(Saved entries)
(* Let $n\ge 1$, let $R$ be a commutative ring, $\iota:\mu_n\to R^\times$ an injective group homomorphism (extended by $\iota(0)=0$), and $X\in R$ an $\mathbb{S}[\mu_{n,+}]$-generator of $R$. For $z=\sum_j\iota(\alpha_j)X^j\in R$ (its unique such decomposition) let $\deg(z)$ be the smallest integer $m$ such that $\alpha_j=0$ for all $j>m$. Then: (i) For $m\in\mathbb{N}$, let $J_m=X^mR$ be the ideal generated by $X^m$. Every $z\in R$ admits a unique decomposition $z=a+b$ with $\deg(a)<m$ (i.e. $a=\sum_{j<m}\iota(\alpha_j)X^j$) and $b\in J_m$. (ii) The quotient $R_m:=R/J_m$ is a finite ring whose elements are uniquely written as (the classes of) $\sum_{j=0}^{m-1}\iota(\alpha_j)X^j$ with $\alpha_j\in\mu_n\cup\{0\}$. (iii) The quotient $R_1=R/J_1$ is a finite field with $n+1$ elements, and $\iota:\mu_n\cup\{0\}\to R$ is a multiplicative section of the quotient map $R\to R_1$. (iv) The canonical ring homomorphism $\pi:R\to\varprojlim_m R_m$ is injective. (v) The pair $(R,X)$ is uniquely specified up to isomorphism by its hold $h$: precisely, if $(R',\iota',X')$ is another such triple (same $n$) whose hold equals the hold of $(R,\iota,X)$, then there is a ring isomorphism $\rho:R\to R'$ with $\rho(X)=X'$ and $\rho\circ\iota=\iota'$.
   Context: $\mu_n$ is the group of $n$-th roots of unity, $\mu_{n,+}=\mu_n\cup\{0\}$. For a ring $A$ with injective homomorphism $\iota:\mu_n\to A^\times$ ($\iota(0):=0$), $X\in A$ is an $\mathbb{S}[\mu_{n,+}]$-generator if every $z\in A$ is uniquely a finite sum $\sum_j\iota(\alpha_j)X^j$, $\alpha_j\in\mu_n\cup\{0\}$. Let $\mathcal{P}(\mu_n)$ be the set of sequences $(\alpha_j)_{j\in\mathbb{N}}$ in $\mu_n\cup\{0\}$ with finitely many nonzero terms, and $\sigma:\mathcal{P}(\mu_n)\to A$, $\sigma((\alpha_j))=\sum_j\iota(\alpha_j)X^j$ (a bijection when $X$ is a generator). The hold of $(A,\iota,X)$ is the map $h:\mu_n\to\mathcal{P}(\mu_n)$ defined by $\sigma(h(\xi))=\iota(\xi)+1$ for $\xi\in\mu_n$. *)

From HB Require Import structures.
From mathcomp Require Import all_boot all_order all_algebra.
Set Implicit Arguments. Unset Strict Implicit. Unset Printing Implicit Defensive.
Import GRing.Theory.
Local Open Scope ring_scope.
(* Let $s$ be a Sturmian word and $t\in\{a,b\}^{\omega}$ with $R(t)=s$, where $R$ is the morphism $R(a)=a$, $R(b)=ba$. Suppose that either (1) the first letter of $t$ is $b$, or (2) $s$ admits a factorization $s=U_1U_2\cdots U_n\cdots$ where each $U_i$ is a non-empty prefix of $s$ ending in the letter $a$ and $r_s(U_i)=r_s(U_j)$ for all $i,j\ge1$. Then $t$ is a Sturmian word.
   Context: A Sturmian word is an infinite word $s\in\{a,b\}^{\omega}$ that is aperiodic (not ultimately periodic) and balanced: for all factors $u,v$ of $s$ with $|u|=|v|$ one has $||u|_x-|v|_x|\le 1$ for $x\in\{a,b\}$, where $|u|_x$ is the number of occurrences of $x$ in $u$. A non-empty factor $w$ of $s$ is rich in the letter $z\in\{a,b\}$ if there is a factor $v$ of $s$ with $|v|=|w|$ and $|w|_z>|v|_z$; every non-empty factor of a Sturmian word is rich in exactly one letter, and $r_s(w)\in\{a,b\}$ denotes that letter. *)

From Stdlib Require Import List Arith Lia.
Import ListNotations.

Inductive letter := La | Lb.

Definition letter_eqb (x y : letter) : bool :=
  match x, y with La, La | Lb, Lb => true | _, _ => false end.

Definition word := nat -> letter.

Definition cnt (z : letter) (w : list letter) : nat :=
  length (filter (fun x => letter_eqb x z) w).

Definition fac (s : word) (i n : nat) : list letter :=
  map (fun k => s (i + k)) (seq 0 n).

Definition is_factor (s : word) (w : list letter) : Prop :=
  exists i, w = fac s i (length w).
Definition pwt (n m : nat) := ({set 'I_n} * seq (etree m))%type.

(* all vertices of a tree, with their path (sequence of child indices) *)
Fixpoint vtree (m : nat) (t : etree m) : seq (seq nat * 'I_m) :=
  match t with
  | ENode l ch =>
      ([::], l) ::
      (fix vf (j : nat) (cs : seq (etree m)) :=
         match cs with
         | [::] => [::]
         | c :: cs' => [seq (j :: q.1, q.2) | q <- vtree c] ++ vf j.+1 cs'
         end) 0%N ch
  end.

Fixpoint vforest_from (m : nat) (j : nat) (ts : seq (etree m)) : seq (seq nat * 'I_m) :=
  match ts with
  | [::] => [::]
  | c :: cs => [seq (j :: q.1, q.2) | q <- vtree c] ++ vforest_from j.+1 cs
  end.

(* non-root vertices of a partial witness tree with children ts of the root;
   the path of a vertex has length equal to its depth *)
Definition vforest (m : nat) (ts : seq (etree m)) := vforest_from 0%N ts.

Fixpoint wf_tree (n m : nat) (vbl : 'I_m -> {set 'I_n}) (t : etree m) : bool :=
  match t with
  | ENode l ch => all (fun c => label c \in GammaP vbl l) ch && all (wf_tree vbl) ch
  end.

Definition is_pwt (n m : nat) (vbl : 'I_m -> {set 'I_n}) (Bt : 'I_m -> btree n)
  (tau : pwt n m) : Prop :=
  (exists a : 'I_m, tau.1 \in blabels (Bt a)) /\
  all (fun c => vbl (label c) :&: tau.1 != set0) tau.2 /\
  all (wf_tree vbl) tau.2.

Definition weight (R : realType) (n m : nat) (vbl : 'I_m -> {set 'I_n}) (x : 'I_m -> R)
  (tau : pwt n m) : R := \sum_(q <- vforest tau.2) wgt vbl x q.2.

Definition all_bar (R : realType) (n m : nat) (vbl : 'I_m -> {set 'I_n}) (x : 'I_m -> R)
  (tau : pwt n m) : bool := all (fun q => in_bar vbl x q.2) (vforest tau.2).

(* add a child labeled e at the end of the children list of the vertex at path p
   (p = [::] is the root) *)
Fixpoint add_forest (m : nat) (e : 'I_m) (p : seq nat) (ts : seq (etree m))
  : seq (etree m) :=
  match p with
  | [::] => rcons ts (ENode e [::])
  | k :: p' =>
      [seq (let: (j, t) := jt in
            if j == k then (let: ENode l ch := t in ENode l (add_forest e p' ch)) else t)
      | jt <- zip (iota 0 (size ts)) ts]
  end.

(* one step i of the construction of tau_C(t,S), with C(i) = e; ties are
   arbitrary, hence this is a relation *)
Definition attach (n m : nat) (vbl : 'I_m -> {set 'I_n}) (S : {set 'I_n}) (e : 'I_m)
  (ts ts' : seq (etree m)) : Prop :=
  let cand := [seq q <- vforest ts | e \in GammaP vbl q.2] in
  if cand != [::] then
    exists q, q \in cand /\ (forall q', q' \in cand -> (size q'.1 <= size q.1)%N) /\
              ts' = add_forest e q.1 ts
  else if vbl e :&: S != set0 then ts' = add_forest e [::] ts
  else ts' = ts.

Fixpoint process (n m : nat) (vbl : 'I_m -> {set 'I_n}) (S : {set 'I_n})
  (L : seq 'I_m) (ts res : seq (etree m)) : Prop :=
  match L with
  | [::] => res = ts
  | e :: L' => exists ts', attach vbl S e ts ts' /\ process vbl S L' ts' res
  end.

(* table T : T p j is the j-th value (j >= 1) for variable p; pointer states s *)
Definition asg (n : nat) (D : 'I_n -> finType) (T : forall p : 'I_n, nat -> D p)
  (s : 'I_n -> nat) : forall p, D p := fun p => T p (s p).

(* the deterministic selection rule, as a function of the current pointer state:
   it returns None iff no event happens, and otherwise an event that happens *)
Definition rule_spec (n m : nat) (D : 'I_n -> finType) (A : 'I_m -> (forall p, D p) -> bool)
  (T : forall p : 'I_n, nat -> D p) (rule : ('I_n -> nat) -> option 'I_m) : Prop :=
  forall s, (rule s = None <-> (forall i, ~~ A i (asg T s))) /\
            (forall i, rule s = Some i -> A i (asg T s)).

(* pointer state after k iterations (None if the algorithm stopped earlier) *)
Fixpoint alg_state (n m : nat) (vbl : 'I_m -> {set 'I_n})
  (rule : ('I_n -> nat) -> option 'I_m) (k : nat) : option ('I_n -> nat) :=
  match k with
  | 0 => Some (fun _ => 1%N)
  | k'.+1 =>
      match alg_state vbl rule k' with
      | None => None
      | Some s => match rule s with
                  | None => None
                  | Some i => Some (fun p => if p \in vbl i then (s p).+1 else s p)
                  end
      end
  end.

(* event-log: C t (t >= 1) is the event picked at iteration t, None if no such step *)
Definition event_log (n m : nat) (vbl : 'I_m -> {set 'I_n})
  (rule : ('I_n -> nat) -> option 'I_m) (t : nat) : option 'I_m :=
  match t with
  | 0 => None
  | t'.+1 => obind rule (alg_state vbl rule t')
  end.

(* tau occurs in the log C : tau = tau_C(t,S) for some t with S in B_{C(t)}
   (for some resolution of the ties) *)
Definition occurs (n m : nat) (vbl : 'I_m -> {set 'I_n}) (Bt : 'I_m -> btree n)
  (C : nat -> option 'I_m) (tau : pwt n m) : Prop :=
  exists (t : nat) (a : 'I_m),
    C t = Some a /\ tau.1 \in blabels (Bt a) /\
    process vbl tau.1 (pmap C (rev (iota 1 t.-1))) [::] tau.2.

From mathcomp Require Import all_boot all_order all_algebra.
From mathcomp Require Import reals exp lra.
Import Order.TTheory GRing.Theory Num.Theory.
Set Implicit Arguments. Unset Strict Implicit. Unset Printing Implicit Defensive.

(* Whatever way ties are broken, the non-root labels of tau_C(t, S) form, as a
   multiset, the list of events of C(t-1), ..., C(1) that meet S or lie in
   Gamma^+ of an event attached before them; so weights may be computed on these
   lists.  Take an occurring tree of weight >= gamma with root S in B_a whose
   labels all have weight <= log2 M <= gamma, and descend while the weight
   exceeds 2 gamma.  At an inner vertex S = S1 :|: S2 of B_a the weight is
   subadditive, so one child still weighs >= gamma.  At a leaf S = {p}, the
   latest earlier event a' containing p is the only child of the root and
   tau_C(t', vbl a') hangs below it, so passing to the root vbl a' of B_a' at the
   earlier time t' loses only w(a') <= gamma. *)

Lemma exists_argmax (T : eqType) (s : seq T) (f : T -> nat) : s != [::] ->
  exists2 q, q \in s & forall q', q' \in s -> (f q' <= f q)%N.
Proof.
elim: s => // a s IH _; case: (altP (s =P [::])) => [-> | /IH [q Hq Hmax]].
  by exists a => [|q']; rewrite ?mem_head // inE => /eqP ->.
have [Haq | Hqa] := leqP (f a) (f q).
  by exists q => [|q']; rewrite inE ?Hq ?orbT // => /orP [/eqP -> // | /Hmax].
exists a => [|q']; rewrite ?mem_head // inE => /orP [/eqP -> // | /Hmax Hq'].
exact: leq_trans Hq' (ltnW Hqa).
Qed.

Lemma setI_neq0S (T : finType) (A B C : {set T}) :
  B \subset C -> A :&: B != set0 -> A :&: C != set0.
Proof. by move=> HS; apply: contraNN; rewrite -!subset0 => /(subset_trans (setIS _ HS)). Qed.

Lemma setI_set1_neq0 (T : finType) (A : {set T}) x : (A :&: [set x] != set0) = (x \in A).
Proof. by rewrite setI_eq0 disjoint_sym disjoints1 negbK. Qed.

Lemma map_update_out (T : Type) (g : T -> T) k j (cs : seq T) : (k < j)%N ->
  [seq (let: (i, t) := it in if i == k then g t else t) | it <- zip (iota j (size cs)) cs]
  = cs.
Proof. by elim: cs j => //= c cs IH j Hj; rewrite (gtn_eqF Hj) IH // ltnW. Qed.

Lemma map_update_cat (T : Type) (g : T -> T) j (A : seq T) t D :
  [seq (let: (i, u) := iu in if i == j + size A then g u else u)
  | iu <- zip (iota j (size (A ++ t :: D))) (A ++ t :: D)] = A ++ g t :: D.
Proof.
elim: A j => [|c A IH] j /=; first by rewrite addn0 eqxx map_update_out.
rewrite -addSnnS IH (_ : (j == _) = false) //.
by apply/negbTE; rewrite neq_ltn ltnS leq_addr.
Qed.

Section WitnessForests.
Variables (n m : nat) (vbl : 'I_m -> {set 'I_n}).

Definition forest_labels (ts : seq (etree m)) : seq 'I_m := map snd (vforest ts).

Definition add_tree (e : 'I_m) (p : seq nat) (t : etree m) : etree m :=
  let: ENode l ch := t in ENode l (add_forest e p ch).

Lemma vtree_ENode l (ch : seq (etree m)) : vtree (ENode l ch) = ([::], l) :: vforest ch.
Proof. by rewrite /= /vforest; congr (_ :: _); elim: ch 0%N => //= c ch IH j; rewrite IH. Qed.

Lemma labels_vforest_from j (ts : seq (etree m)) :
  map snd (vforest_from j ts) = forest_labels ts.
Proof.
rewrite /forest_labels /vforest.
by elim: ts j => //= c cs IH j; rewrite !map_cat -!map_comp IH (IH 1%N).
Qed.

Lemma forest_labels_cons (c : etree m) cs :
  forest_labels (c :: cs) = map snd (vtree c) ++ forest_labels cs.
Proof. by rewrite {1}/forest_labels /= map_cat -map_comp labels_vforest_from. Qed.

Lemma forest_labels_cat (A B : seq (etree m)) :
  forest_labels (A ++ B) = forest_labels A ++ forest_labels B.
Proof. by elim: A => //= c A IH; rewrite !forest_labels_cons IH catA. Qed.

Lemma labels_vtree l (ch : seq (etree m)) :
  map snd (vtree (ENode l ch)) = l :: forest_labels ch.
Proof. by rewrite vtree_ENode. Qed.

Lemma root_notin_vforest_from j (ts : seq (etree m)) l : ([::], l) \notin vforest_from j ts.
Proof.
elim: ts j => //= c cs IH j.
by rewrite mem_cat negb_or IH andbT; apply/mapP => -[].
Qed.

Lemma vforest_from_split j (ts : seq (etree m)) k p l :
  (k :: p, l) \in vforest_from j ts ->
  exists A t D, [/\ ts = A ++ t :: D, k = j + size A & (p, l) \in vtree t].
Proof.
elim: ts j => //= c cs IH j; rewrite mem_cat => /orP [/mapP [[p' l'] Hv [-> -> ->]]|].
  by exists [::], c, cs; rewrite addn0.
by case/IH => A [t [D [-> -> Hv]]]; exists (c :: A), t, D; rewrite addSnnS.
Qed.

Lemma add_forest_cat e p (A : seq (etree m)) t D :
  add_forest e (size A :: p) (A ++ t :: D) = A ++ add_tree e p t :: D.
Proof. by rewrite /= -[size A]add0n map_update_cat. Qed.

Lemma root_labels_add_forest e k p (ts : seq (etree m)) :
  map (@label m) (add_forest e (k :: p) ts) = map (@label m) ts.
Proof.
rewrite /= -map_comp -[in RHS](@unzip2_zip _ _ (iota 0 (size ts)) ts) ?size_iota //.
by rewrite /unzip2 -map_comp; apply: eq_map => -[i [l ch]] /=; case: (i == k).
Qed.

--- WORK ITEM ---
Find how many lines of the records hold the string "btree", then give that number by itself.

--- THE ANSWER ---
2